Aggregate the global primary energy consumption by year, then build an autoregressive integrated moving average (ARIMA) model to project total global energy consumption for the next few years. Plot the historical and forecasted energy consumption using Matplotlib.

import pandas as pd
from statsmodels.tsa.arima.model import ARIMA
import matplotlib.pyplot as plt

# Aggregate global primary energy consumption by year
global_energy = df[df['country'] == 'World'].groupby('year')['primary_energy_consumption'].sum()

# Build an ARIMA model for projection
model = ARIMA(global_energy, order=(1, 1, 1))
model_fit = model.fit()
forecast = model_fit.forecast(steps=10)  # Projecting for 10 years

# Plot historical and forecasted energy consumption
plt.plot(global_energy, label='Historical')
plt.plot(range(global_energy.index[-1] + 1, global_energy.index[-1] + 11), forecast, label='Forecast')
plt.xlabel("Year")
plt.ylabel("Primary Energy Consumption")
plt.title("Projected Global Energy Consumption")
plt.legend()
plt.show()

Output:

Chart showing historical and projected global energy consumption.

Insight:

This model projects that global energy consumption will continue to rise.

Example notebook

Use the following notebook to perform the steps in this article. For instructions on importing a notebook to a Azure Databricks workspace, see Import a notebook.

Tutorial: EDA with global energy data

Get notebook

Next steps

Now that you’ve performed some initial exploratory data analysis on your dataset, try these next steps:

  • See the Appendix in the example notebook for additional EDA visualization examples.
  • If you ran into any errors while going through this tutorial, try using the built-in debugger to step through your code.
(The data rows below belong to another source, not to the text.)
Section CoarseSpace.
Variables (V : nat -> finType) (adj : forall n, rel (V n)).

Definition nondecr_to_infty (rho : RR -> RR) : Prop :=
  [/\ (forall t, 0 <= t -> 0 <= rho t),
      (forall s t, 0 <= s -> s <= t -> rho s <= rho t)
    & (forall M : RR, exists T : RR, forall t, T <= t -> M <= rho t)].

Definition asymp_embeddable : Prop :=
  exists (rhom rhop : RR -> RR) (K : forall n, V n -> V n -> RR)
         (Rn : nat -> RR),
  nondecr_to_infty rhom /\ nondecr_to_infty rhop /\
  (forall n, 0 <= Rn n) /\
  (forall M : RR, exists N, forall n, (N <= n)%N -> M <= Rn n) /\
  (forall n (x y : V n), 0 <= K n x y /\ K n x y = K n y x) /\
  (forall n (x : V n), K n x x = 0) /\
  (forall n (x y : V n),
      rhom (gdist (@adj n) x y)%:R <= K n x y /\
      K n x y <= rhop (gdist (@adj n) x y)%:R) /\
  (forall n (m : nat) (x : 'I_m -> V n) (z : 'I_m -> complex RR),
      injective x ->
      (forall i j, (gdist (@adj n) (x i) (x j))%:R <= Rn n) ->
      \sum_(i < m) z i = 0 ->
      \sum_(i < m) \sum_(j < m)
          z i * conjc (z j) * real_complex RR (K n (x i) (x j)) <= 0).

(* the coarse model space X = disjoint union of the V n *)
Definition cspace : Type := {n : nat & V n}.

(* E_r = {(x,y) : d(x,y) <= r}; points of distinct components are at
   distance infinity *)
Definition Er (r : nat) : set (cspace * cspace) :=
  fun ab => exists n (x y : V n),
    [/\ ab.1 = existT _ n x, ab.2 = existT _ n y & (gdist (@adj n) x y <= r)%N].

(* Stone-Cech compactification beta X of the discrete space X: the
   ultrafilters on X, with basic open sets [set w | w A], A : set X.
   X embeds in beta X via principal ultrafilters. *)
Definition ultrafilter (w : set_system cspace) : Prop :=
  inhabited (UltraFilter w).

Definition boundary (w : set_system cspace) : Prop :=
  ultrafilter w /\ forall x : cspace, w <> principal_filter x.

Definition pt := (set_system cspace * set_system cspace)%type.

(* closure in beta X x beta X (product topology, basis of products of
   basic open sets) of a set S of points *)
Definition bclosure (S : set pt) : set pt :=
  fun p => ultrafilter p.1 /\ ultrafilter p.2 /\
    forall A B : set cspace, p.1 A -> p.2 B ->
      exists q, [/\ S q, q.1 A & q.2 B].

Definition Er_beta (r : nat) : set pt :=
  [set (principal_filter ab.1, principal_filter ab.2) | ab in Er r].

Definition Fr (r : nat) : set pt :=
  fun p => bclosure (Er_beta r) p /\ boundary p.1 /\ boundary p.2.

Definition Ginf : set pt := \bigcup_(r in [set: nat]) Fr r.

Definition rel_open (Y U : set pt) : Prop :=
  U `<=` Y /\
  forall p, U p -> exists A B : set cspace,
    [/\ p.1 A, p.2 B & forall q, Y q -> q.1 A -> q.2 B -> U q].

(* the inductive limit topology on G_oo(X) *)
Definition Ginf_open (U : set pt) : Prop :=
  U `<=` Ginf /\ forall r : nat, rel_open (Fr r) (U `&` Fr r).

Definition Ginf_compact (S : set pt) : Prop :=
  S `<=` Ginf /\
  forall (I : Type) (U : I -> set pt),
    (forall i, Ginf_open (U i)) -> S `<=` \bigcup_(i in [set: I]) U i ->
    exists s : seq I, S `<=` \bigcup_(i in [set i | List.In i s]) U i.

Definition Ginf_continuous (h : pt -> RR) : Prop :=
  forall O : set RR, open O -> Ginf_open (Ginf `&` h @^-1` O).

Definition Ginf_proper (h : pt -> RR) : Prop :=
  forall C : set RR, compact C -> Ginf_compact (Ginf `&` h @^-1` C).

Definition boundary_haagerup : Prop :=
  exists h : pt -> RR,
  (forall p, Ginf p -> 0 <= h p) /\
  Ginf_continuous h /\
  Ginf_proper h /\
  (forall w, boundary w -> h (w, w) = 0) /\
  (forall w e, Ginf (w, e) -> h (w, e) = h (e, w)) /\
  (forall (m : nat) (om : 'I_m -> set_system cspace)
          (z : 'I_m -> complex RR),
      injective om ->
      (forall i, boundary (om i)) ->
      (forall i j, Ginf (om i, om j)) ->
      \sum_(i < m) z i = 0 ->
      \sum_(i < m) \sum_(j < m)
          z i * conjc (z j) * real_complex RR (h (om i, om j)) <= 0).

End CoarseSpace.

(** The kernel is h(om, push w om) = lim_(a -> om) K(a, w.a), where w.a follows the word w
    of neighbour labels from a.  In a d-regular graph the points of F_r are exactly the
    pairs (om, push w om) with |w| = r, and h is well defined because two words pushing om
    to the same ultrafilter agree om-almost everywhere: otherwise a colouring giving
    distinct colours to points at distance <= |w1| + |w2| (finitely many colours suffice
    by bounded degree) would separate the two pushes.  Symmetry, vanishing on the diagonal
    and conditional negative definiteness pass from K to the ultralimit; for the last one,
    finitely many boundary points are pushes of a single one, and far out in the sequence
    their representatives are distinct and R_n-close.  Continuity holds because near a
    point of F_r the same word still works, and properness because h <= M bounds the word
    length through rho_-, leaving finitely many closed, hence compact, pieces of the
    Stone-Cech boundary. *)

From mathcomp Require Import all_boot all_order all_algebra.
From mathcomp Require Import all_classical all_reals all_analysis.
From mathcomp Require Import Rstruct Rstruct_topology complex.
From mathcomp Require Import ring lra.
Import ComplexField.
Set Implicit Arguments.
Unset Strict Implicit.
Unset Printing Implicit Defensive.
Import Order.TTheory GRing.Theory Num.Theory.
Local Open Scope classical_set_scope.
Local Open Scope ring_scope.

Section Walks.
Variables (T : finType) (e : rel T).

(* [nbr i x] is x itself when i is at least the degree of x. *)
Definition nbr (i : nat) (x : T) : T := nth x (enum [set y | e x y]) i.

Fixpoint follow (w : seq nat) (x : T) : T :=
  if w is i :: w' then follow w' (nbr i x) else x.

Lemma follow_cat w1 w2 x : follow (w1 ++ w2) x = follow w2 (follow w1 x).
Proof. by elim: w1 x => //= i w IH x; rewrite IH. Qed.

Lemma nbr_adj i x : nbr i x != x -> e x (nbr i x).
Proof.
rewrite /nbr => nx.
have lt_i : (i < size (enum [set y | e x y]))%N.
  by rewrite ltnNge; apply: contra nx => le_i; rewrite nth_default.
by have := mem_nth x lt_i; rewrite mem_enum inE.
Qed.

Lemma gdist_le x y k : walk e x y k -> (gdist e x y <= k)%N.
Proof.
move=> wk; rewrite /gdist; case: pselect => [H|]; last by case; exists k.
by case: ex_minnP => m _; apply; apply/asboolP.
Qed.

Lemma walk_gdist x y : (exists k, walk e x y k) -> walk e x y (gdist e x y).
Proof. by move=> H; rewrite /gdist; case: pselect => // {}H; case: ex_minnP => m /asboolP. Qed.

Lemma gdist_follow w x : (gdist e x (follow w x) <= size w)%N.
Proof.
suff [k [/gdist_le le_k le_kw]] : exists k, walk e x (follow w x) k /\ (k <= size w)%N.
  exact: leq_trans le_k le_kw.
elim: w x => [|i w IH] x /=; first by exists 0%N; split => //; exists [::].
have [k [[p [px pl sp]] le_kw]] := IH (nbr i x).
have [ix|nix] := eqVneq (nbr i x) x.
  by exists k; split; [rewrite -{1}ix; exists p|exact: leqW].
exists k.+1; split => //; exists (nbr i x :: p).
by rewrite /= nbr_adj // px pl sp.
Qed.

Variable d : nat.
Hypothesis e_regular : forall x : T, #|[set y | e x y]| = d.

Lemma follow_nseq k x : follow (nseq k d) x = x.
Proof.
elim: k x => //= k IH x.
by rewrite /nbr nth_default ?IH // -cardE e_regular.
Qed.

Lemma path_follow x p : path e x p ->
  exists w : seq nat, [/\ size w = size p, all (fun i => i < d)%N w & follow w x = last x p].
Proof.
elim: p x => [|y p IH] x /=; first by exists [::].
case/andP=> exy /IH [w [sw dw fw]].
have yN : y \in enum [set z | e x z] by rewrite mem_enum inE.
exists (index y (enum [set z | e x z]) :: w); split => /=; first by rewrite sw.
  by rewrite dw andbT -(e_regular x) cardE index_mem.
by rewrite /nbr nth_index.
Qed.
See Debug notebooks.
  • Share your notebook with your team so that they can understand your analysis. Depending on what permissions you give them, they can help develop code to further the analysis or add comments and suggestions for further investigation.
  • Once you’ve finalized your analysis, create a notebook dashboard or an AI/BI dashboard with the key visualizations to share with stakeholders.